Saved data entries:
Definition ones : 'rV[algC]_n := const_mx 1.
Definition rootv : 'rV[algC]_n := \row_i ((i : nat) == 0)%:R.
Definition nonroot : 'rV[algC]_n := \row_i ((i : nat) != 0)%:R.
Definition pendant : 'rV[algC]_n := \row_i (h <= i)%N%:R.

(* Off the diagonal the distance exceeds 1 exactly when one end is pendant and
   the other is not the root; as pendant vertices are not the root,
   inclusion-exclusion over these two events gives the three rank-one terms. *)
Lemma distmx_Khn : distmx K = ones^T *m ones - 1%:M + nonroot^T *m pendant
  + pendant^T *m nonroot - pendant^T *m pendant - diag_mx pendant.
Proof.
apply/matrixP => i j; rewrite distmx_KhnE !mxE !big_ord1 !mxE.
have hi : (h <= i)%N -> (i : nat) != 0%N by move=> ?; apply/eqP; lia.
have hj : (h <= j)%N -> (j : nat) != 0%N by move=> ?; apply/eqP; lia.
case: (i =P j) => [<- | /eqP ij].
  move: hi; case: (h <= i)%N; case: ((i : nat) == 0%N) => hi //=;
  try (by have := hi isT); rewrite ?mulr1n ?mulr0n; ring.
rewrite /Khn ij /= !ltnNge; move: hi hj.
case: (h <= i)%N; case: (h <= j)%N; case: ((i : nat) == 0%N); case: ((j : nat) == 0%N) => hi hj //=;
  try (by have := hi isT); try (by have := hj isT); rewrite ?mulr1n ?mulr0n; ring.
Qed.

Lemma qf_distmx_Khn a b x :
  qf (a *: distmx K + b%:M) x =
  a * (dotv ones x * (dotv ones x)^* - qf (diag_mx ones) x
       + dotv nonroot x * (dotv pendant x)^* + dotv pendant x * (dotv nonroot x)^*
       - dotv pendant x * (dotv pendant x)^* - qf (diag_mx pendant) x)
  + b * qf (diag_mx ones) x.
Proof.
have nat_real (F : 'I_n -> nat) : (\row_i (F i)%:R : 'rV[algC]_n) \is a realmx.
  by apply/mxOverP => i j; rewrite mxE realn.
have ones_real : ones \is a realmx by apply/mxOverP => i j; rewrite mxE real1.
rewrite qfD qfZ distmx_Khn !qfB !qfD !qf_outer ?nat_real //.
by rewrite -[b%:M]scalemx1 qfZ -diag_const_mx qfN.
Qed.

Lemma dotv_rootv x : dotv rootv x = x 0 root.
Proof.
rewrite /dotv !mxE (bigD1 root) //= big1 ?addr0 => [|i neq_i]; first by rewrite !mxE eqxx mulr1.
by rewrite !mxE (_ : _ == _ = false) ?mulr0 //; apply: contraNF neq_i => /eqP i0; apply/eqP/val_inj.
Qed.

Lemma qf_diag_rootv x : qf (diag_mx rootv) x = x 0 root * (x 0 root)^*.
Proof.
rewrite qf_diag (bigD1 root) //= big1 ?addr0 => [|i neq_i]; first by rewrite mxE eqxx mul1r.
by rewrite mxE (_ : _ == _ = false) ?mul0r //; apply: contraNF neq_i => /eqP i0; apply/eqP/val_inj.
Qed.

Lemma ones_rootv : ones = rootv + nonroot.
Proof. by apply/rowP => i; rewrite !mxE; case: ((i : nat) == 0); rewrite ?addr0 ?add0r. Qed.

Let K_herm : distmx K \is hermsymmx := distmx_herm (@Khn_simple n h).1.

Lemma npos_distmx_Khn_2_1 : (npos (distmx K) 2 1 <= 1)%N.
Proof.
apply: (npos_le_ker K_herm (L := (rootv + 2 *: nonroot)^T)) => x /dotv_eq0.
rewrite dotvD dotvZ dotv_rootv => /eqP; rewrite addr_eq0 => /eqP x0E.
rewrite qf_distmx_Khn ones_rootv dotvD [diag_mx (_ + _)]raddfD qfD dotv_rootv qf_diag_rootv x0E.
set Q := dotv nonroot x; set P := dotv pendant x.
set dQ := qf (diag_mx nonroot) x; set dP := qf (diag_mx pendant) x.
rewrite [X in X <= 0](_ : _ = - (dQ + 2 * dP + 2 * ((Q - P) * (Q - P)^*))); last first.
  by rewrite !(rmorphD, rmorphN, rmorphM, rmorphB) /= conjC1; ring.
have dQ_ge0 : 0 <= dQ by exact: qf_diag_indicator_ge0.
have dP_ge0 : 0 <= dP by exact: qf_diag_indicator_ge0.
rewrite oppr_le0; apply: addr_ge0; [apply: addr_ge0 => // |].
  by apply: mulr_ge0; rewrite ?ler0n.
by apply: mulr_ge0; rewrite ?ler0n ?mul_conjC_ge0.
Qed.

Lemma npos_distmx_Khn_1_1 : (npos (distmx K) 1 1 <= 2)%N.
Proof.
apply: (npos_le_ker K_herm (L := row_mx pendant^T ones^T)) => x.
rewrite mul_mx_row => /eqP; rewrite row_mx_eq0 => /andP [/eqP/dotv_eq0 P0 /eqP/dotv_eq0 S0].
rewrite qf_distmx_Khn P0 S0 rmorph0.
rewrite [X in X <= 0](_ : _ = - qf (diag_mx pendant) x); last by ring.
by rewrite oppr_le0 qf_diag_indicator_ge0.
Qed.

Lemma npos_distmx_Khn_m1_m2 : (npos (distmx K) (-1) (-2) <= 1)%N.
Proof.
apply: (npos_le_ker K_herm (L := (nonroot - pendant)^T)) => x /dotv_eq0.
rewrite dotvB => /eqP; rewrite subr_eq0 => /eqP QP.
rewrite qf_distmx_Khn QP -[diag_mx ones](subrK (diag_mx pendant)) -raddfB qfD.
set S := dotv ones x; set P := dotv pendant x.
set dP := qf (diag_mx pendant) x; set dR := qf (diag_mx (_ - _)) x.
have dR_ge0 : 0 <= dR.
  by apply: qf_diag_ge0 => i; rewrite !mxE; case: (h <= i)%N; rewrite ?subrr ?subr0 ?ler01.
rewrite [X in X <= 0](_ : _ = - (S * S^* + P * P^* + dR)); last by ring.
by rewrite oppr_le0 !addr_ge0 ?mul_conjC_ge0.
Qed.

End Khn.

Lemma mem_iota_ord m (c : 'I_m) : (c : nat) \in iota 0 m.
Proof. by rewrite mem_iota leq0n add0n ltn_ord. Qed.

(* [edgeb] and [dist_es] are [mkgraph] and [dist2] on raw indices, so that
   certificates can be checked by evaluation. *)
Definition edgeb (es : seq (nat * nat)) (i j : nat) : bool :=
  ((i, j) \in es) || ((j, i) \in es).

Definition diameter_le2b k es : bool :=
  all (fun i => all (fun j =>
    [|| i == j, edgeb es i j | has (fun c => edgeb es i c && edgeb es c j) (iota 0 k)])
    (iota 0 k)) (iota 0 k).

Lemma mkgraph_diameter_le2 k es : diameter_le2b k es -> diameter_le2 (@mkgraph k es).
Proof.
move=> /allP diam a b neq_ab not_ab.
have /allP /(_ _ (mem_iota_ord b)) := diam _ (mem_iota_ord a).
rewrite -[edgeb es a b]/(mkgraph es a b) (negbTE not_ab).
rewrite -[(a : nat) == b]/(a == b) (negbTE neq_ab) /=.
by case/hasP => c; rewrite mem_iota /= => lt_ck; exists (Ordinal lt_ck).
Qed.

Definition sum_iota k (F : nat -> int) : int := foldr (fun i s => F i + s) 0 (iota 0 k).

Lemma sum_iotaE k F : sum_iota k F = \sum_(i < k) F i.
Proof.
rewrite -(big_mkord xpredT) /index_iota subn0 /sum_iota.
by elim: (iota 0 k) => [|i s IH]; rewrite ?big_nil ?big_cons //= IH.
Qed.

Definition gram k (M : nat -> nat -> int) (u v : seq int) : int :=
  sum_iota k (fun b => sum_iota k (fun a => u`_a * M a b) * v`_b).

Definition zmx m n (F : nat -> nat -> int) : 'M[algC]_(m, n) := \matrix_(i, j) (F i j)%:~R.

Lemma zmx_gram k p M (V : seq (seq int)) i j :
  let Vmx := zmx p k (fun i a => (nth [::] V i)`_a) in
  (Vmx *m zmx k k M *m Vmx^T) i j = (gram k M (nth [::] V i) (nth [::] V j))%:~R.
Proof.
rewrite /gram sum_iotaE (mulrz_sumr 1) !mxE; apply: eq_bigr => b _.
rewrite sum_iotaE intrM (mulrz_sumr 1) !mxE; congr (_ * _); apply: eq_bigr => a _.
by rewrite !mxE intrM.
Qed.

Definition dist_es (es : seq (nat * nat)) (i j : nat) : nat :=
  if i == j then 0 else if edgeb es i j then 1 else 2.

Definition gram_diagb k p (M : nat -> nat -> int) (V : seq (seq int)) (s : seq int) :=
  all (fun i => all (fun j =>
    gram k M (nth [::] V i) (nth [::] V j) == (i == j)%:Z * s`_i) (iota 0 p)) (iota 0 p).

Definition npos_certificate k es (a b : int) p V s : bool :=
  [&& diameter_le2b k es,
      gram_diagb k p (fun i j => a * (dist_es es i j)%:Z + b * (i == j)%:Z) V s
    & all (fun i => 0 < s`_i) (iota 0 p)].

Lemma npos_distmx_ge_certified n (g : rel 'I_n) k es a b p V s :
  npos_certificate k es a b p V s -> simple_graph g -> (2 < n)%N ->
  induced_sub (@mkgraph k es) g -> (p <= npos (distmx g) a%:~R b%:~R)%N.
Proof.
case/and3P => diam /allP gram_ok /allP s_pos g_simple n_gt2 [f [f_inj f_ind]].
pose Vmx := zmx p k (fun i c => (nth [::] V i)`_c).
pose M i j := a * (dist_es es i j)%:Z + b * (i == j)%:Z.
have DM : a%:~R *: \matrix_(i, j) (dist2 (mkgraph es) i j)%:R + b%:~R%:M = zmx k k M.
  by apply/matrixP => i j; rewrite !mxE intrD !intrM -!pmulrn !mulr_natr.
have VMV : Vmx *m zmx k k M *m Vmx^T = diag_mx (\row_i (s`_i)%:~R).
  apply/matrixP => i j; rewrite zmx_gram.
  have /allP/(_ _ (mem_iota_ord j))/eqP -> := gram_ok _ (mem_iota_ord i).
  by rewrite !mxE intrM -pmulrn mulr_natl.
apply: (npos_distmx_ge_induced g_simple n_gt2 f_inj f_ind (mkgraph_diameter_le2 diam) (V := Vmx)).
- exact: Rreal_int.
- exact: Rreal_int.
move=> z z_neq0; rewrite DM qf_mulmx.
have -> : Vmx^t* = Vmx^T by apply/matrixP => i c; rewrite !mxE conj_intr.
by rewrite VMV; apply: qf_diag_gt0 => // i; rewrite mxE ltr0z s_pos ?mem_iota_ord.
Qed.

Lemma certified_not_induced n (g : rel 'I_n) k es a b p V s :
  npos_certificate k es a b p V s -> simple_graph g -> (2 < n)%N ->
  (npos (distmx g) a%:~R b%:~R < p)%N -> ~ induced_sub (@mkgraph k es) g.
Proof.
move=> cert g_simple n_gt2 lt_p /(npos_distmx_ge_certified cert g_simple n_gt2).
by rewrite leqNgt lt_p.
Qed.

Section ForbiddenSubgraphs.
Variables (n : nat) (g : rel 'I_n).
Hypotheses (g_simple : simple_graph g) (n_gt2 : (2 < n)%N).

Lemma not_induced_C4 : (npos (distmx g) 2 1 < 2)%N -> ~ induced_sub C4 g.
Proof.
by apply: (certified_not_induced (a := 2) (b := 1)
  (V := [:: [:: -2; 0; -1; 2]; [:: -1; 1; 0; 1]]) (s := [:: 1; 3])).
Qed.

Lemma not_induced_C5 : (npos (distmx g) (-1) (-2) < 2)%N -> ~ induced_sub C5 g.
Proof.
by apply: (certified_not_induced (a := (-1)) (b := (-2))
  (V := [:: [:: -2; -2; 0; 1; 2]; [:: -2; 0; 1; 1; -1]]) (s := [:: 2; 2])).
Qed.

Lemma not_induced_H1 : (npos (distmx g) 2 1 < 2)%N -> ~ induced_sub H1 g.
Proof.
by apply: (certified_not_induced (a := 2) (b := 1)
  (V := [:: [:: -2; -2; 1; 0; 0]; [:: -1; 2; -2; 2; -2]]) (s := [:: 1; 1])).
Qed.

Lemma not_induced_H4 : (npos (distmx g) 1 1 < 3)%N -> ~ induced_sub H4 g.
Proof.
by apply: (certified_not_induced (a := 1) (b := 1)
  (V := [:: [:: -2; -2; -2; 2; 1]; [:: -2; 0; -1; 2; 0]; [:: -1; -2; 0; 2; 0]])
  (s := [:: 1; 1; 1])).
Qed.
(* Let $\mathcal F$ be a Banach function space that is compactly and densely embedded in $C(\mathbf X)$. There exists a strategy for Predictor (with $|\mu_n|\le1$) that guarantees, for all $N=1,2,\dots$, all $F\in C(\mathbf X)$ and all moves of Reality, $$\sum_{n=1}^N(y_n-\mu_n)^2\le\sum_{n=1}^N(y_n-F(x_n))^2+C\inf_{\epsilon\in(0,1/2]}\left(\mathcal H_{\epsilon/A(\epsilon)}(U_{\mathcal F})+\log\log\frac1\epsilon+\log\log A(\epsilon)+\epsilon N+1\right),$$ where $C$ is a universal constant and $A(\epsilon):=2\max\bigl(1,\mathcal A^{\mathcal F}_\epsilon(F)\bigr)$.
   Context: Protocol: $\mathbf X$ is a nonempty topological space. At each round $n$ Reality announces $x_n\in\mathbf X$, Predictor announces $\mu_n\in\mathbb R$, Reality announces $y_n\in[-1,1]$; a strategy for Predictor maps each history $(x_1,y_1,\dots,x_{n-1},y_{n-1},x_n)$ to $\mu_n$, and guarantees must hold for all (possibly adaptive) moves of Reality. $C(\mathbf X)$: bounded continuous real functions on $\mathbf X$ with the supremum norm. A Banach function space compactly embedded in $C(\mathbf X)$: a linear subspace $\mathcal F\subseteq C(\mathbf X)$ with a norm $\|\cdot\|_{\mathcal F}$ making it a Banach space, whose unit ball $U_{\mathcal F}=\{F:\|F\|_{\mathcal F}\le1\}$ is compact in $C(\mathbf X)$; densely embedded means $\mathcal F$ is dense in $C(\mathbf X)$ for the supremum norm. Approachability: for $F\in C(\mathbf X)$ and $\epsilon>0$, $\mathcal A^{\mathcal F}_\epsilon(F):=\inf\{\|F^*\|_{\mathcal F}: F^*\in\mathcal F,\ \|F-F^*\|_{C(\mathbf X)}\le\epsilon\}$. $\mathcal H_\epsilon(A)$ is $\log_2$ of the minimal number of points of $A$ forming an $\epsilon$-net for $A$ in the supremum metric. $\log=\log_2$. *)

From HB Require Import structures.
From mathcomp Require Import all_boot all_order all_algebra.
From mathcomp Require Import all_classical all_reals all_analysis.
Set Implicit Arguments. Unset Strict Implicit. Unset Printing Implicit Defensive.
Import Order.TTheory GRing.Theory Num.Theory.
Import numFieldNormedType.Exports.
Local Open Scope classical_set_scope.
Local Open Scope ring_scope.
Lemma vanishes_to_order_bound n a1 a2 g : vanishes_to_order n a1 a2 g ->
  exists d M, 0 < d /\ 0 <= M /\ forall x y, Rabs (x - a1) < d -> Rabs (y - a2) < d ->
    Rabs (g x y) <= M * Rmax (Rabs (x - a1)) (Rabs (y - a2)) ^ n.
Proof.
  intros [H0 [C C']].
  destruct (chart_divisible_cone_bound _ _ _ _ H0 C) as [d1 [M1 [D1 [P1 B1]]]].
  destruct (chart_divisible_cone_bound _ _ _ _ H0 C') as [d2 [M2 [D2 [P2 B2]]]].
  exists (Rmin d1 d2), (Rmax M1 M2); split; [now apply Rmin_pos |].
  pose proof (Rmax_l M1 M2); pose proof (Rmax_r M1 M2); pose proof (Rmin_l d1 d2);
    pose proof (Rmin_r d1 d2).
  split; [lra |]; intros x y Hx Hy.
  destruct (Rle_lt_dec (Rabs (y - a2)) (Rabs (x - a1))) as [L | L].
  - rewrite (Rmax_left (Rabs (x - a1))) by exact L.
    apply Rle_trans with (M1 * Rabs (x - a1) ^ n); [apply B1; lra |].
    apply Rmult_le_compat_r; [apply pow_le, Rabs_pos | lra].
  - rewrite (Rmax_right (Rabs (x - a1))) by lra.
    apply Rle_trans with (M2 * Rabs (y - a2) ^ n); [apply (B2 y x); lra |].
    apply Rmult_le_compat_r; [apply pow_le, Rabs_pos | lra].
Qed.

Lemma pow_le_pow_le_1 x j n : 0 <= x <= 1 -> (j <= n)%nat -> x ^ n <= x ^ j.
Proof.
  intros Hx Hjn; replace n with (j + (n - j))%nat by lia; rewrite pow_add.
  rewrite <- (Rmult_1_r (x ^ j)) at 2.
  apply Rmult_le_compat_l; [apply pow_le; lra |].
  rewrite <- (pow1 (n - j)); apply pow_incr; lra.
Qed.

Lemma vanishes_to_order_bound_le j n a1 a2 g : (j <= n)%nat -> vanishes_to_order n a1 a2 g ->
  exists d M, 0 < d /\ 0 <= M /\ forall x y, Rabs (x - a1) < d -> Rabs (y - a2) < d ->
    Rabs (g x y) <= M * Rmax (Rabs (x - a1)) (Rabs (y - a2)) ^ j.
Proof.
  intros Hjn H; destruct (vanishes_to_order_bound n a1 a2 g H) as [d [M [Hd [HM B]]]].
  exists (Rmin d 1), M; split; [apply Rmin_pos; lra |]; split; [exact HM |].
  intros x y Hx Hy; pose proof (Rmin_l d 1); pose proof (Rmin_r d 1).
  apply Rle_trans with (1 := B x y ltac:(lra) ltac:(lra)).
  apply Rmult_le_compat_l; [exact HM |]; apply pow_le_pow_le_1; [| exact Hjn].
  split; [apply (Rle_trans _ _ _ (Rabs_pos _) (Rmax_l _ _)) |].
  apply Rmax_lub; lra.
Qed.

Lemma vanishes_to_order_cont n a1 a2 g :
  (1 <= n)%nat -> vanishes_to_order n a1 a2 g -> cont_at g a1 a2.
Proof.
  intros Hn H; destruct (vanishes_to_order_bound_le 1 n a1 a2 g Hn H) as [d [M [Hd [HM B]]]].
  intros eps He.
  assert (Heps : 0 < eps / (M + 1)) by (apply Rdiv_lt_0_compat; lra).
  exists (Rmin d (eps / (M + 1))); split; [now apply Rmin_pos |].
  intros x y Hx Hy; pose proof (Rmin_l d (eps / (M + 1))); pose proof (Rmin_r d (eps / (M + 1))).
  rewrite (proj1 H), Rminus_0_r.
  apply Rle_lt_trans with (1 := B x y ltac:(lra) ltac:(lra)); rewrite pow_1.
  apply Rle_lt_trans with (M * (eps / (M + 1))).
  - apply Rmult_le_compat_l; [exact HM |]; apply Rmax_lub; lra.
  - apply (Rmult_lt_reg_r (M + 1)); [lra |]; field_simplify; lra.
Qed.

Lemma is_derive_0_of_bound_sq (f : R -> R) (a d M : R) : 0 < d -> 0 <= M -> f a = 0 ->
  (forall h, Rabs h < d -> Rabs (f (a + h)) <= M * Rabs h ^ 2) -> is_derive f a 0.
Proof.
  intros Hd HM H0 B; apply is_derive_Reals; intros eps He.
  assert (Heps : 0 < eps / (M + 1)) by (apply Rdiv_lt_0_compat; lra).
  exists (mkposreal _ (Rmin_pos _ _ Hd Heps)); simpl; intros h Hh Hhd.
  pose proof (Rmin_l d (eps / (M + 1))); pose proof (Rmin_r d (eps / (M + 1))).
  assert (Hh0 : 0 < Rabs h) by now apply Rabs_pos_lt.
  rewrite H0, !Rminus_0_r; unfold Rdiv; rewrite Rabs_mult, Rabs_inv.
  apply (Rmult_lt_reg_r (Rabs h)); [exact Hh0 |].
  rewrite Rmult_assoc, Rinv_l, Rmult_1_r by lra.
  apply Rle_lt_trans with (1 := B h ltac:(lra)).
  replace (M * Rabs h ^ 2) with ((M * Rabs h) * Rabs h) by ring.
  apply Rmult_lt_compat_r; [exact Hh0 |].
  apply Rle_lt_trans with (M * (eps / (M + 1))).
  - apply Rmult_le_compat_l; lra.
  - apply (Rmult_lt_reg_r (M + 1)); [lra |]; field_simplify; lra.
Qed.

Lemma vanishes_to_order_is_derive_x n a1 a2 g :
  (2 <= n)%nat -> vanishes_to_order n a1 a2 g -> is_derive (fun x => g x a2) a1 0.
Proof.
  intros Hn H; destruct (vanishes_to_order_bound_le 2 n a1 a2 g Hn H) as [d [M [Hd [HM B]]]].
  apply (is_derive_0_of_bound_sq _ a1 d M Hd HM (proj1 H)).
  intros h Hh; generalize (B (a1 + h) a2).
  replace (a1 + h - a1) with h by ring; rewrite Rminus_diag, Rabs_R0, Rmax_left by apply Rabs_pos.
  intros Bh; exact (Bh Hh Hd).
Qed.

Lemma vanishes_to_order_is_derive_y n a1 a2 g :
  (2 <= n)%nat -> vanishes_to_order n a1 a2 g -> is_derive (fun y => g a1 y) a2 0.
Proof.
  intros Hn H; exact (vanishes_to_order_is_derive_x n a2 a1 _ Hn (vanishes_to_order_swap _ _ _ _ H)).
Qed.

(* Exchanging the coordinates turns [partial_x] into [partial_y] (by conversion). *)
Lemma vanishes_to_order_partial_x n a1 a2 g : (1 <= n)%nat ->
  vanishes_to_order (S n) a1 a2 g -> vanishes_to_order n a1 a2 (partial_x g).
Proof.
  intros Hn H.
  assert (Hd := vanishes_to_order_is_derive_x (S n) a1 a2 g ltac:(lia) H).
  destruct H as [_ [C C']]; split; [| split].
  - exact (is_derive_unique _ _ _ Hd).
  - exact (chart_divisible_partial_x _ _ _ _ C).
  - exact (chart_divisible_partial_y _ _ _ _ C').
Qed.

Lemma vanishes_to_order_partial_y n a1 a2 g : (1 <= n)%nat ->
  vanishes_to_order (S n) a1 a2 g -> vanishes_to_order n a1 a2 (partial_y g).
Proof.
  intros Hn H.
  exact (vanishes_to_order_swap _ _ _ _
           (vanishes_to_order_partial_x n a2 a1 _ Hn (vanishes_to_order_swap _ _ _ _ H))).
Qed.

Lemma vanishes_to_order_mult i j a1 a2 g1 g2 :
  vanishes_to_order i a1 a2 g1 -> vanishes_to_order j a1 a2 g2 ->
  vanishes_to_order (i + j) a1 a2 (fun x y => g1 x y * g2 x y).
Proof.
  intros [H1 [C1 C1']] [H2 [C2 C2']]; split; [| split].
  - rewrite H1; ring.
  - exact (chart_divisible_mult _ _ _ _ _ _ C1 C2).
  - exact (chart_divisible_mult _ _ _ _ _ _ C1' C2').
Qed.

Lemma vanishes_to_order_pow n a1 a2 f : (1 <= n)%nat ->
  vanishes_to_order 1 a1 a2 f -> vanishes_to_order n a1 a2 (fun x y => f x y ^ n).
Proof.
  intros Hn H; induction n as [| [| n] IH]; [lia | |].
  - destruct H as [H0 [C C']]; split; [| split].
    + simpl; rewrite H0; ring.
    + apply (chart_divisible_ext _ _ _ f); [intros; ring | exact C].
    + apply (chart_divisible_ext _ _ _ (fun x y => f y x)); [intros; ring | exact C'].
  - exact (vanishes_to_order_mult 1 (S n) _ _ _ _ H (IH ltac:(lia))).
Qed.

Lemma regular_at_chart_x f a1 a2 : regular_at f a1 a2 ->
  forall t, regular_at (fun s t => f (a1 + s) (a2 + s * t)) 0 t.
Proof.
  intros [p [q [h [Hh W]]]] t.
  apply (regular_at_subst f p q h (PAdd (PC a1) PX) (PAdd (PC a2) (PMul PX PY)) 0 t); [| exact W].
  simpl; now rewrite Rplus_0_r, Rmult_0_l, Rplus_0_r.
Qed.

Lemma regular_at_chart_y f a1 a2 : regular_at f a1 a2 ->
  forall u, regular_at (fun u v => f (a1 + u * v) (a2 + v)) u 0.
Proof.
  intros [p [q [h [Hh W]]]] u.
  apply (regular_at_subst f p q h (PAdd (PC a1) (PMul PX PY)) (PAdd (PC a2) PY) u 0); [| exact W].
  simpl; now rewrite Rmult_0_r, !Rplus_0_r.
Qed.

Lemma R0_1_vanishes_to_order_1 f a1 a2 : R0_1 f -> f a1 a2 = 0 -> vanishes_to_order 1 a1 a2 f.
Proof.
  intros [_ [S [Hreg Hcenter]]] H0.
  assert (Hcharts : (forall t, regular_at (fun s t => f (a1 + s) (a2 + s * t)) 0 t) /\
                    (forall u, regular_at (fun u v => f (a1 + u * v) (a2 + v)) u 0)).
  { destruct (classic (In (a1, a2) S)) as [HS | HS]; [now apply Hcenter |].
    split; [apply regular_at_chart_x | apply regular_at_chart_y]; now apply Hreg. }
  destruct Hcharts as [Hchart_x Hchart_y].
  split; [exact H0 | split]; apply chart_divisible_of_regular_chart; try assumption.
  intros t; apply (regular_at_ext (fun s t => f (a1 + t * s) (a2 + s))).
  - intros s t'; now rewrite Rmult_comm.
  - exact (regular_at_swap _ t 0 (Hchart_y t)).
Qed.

Task to complete: Going through the data above, count each line that contains "contraNF" and give only that figure.

Answer to the problem: 2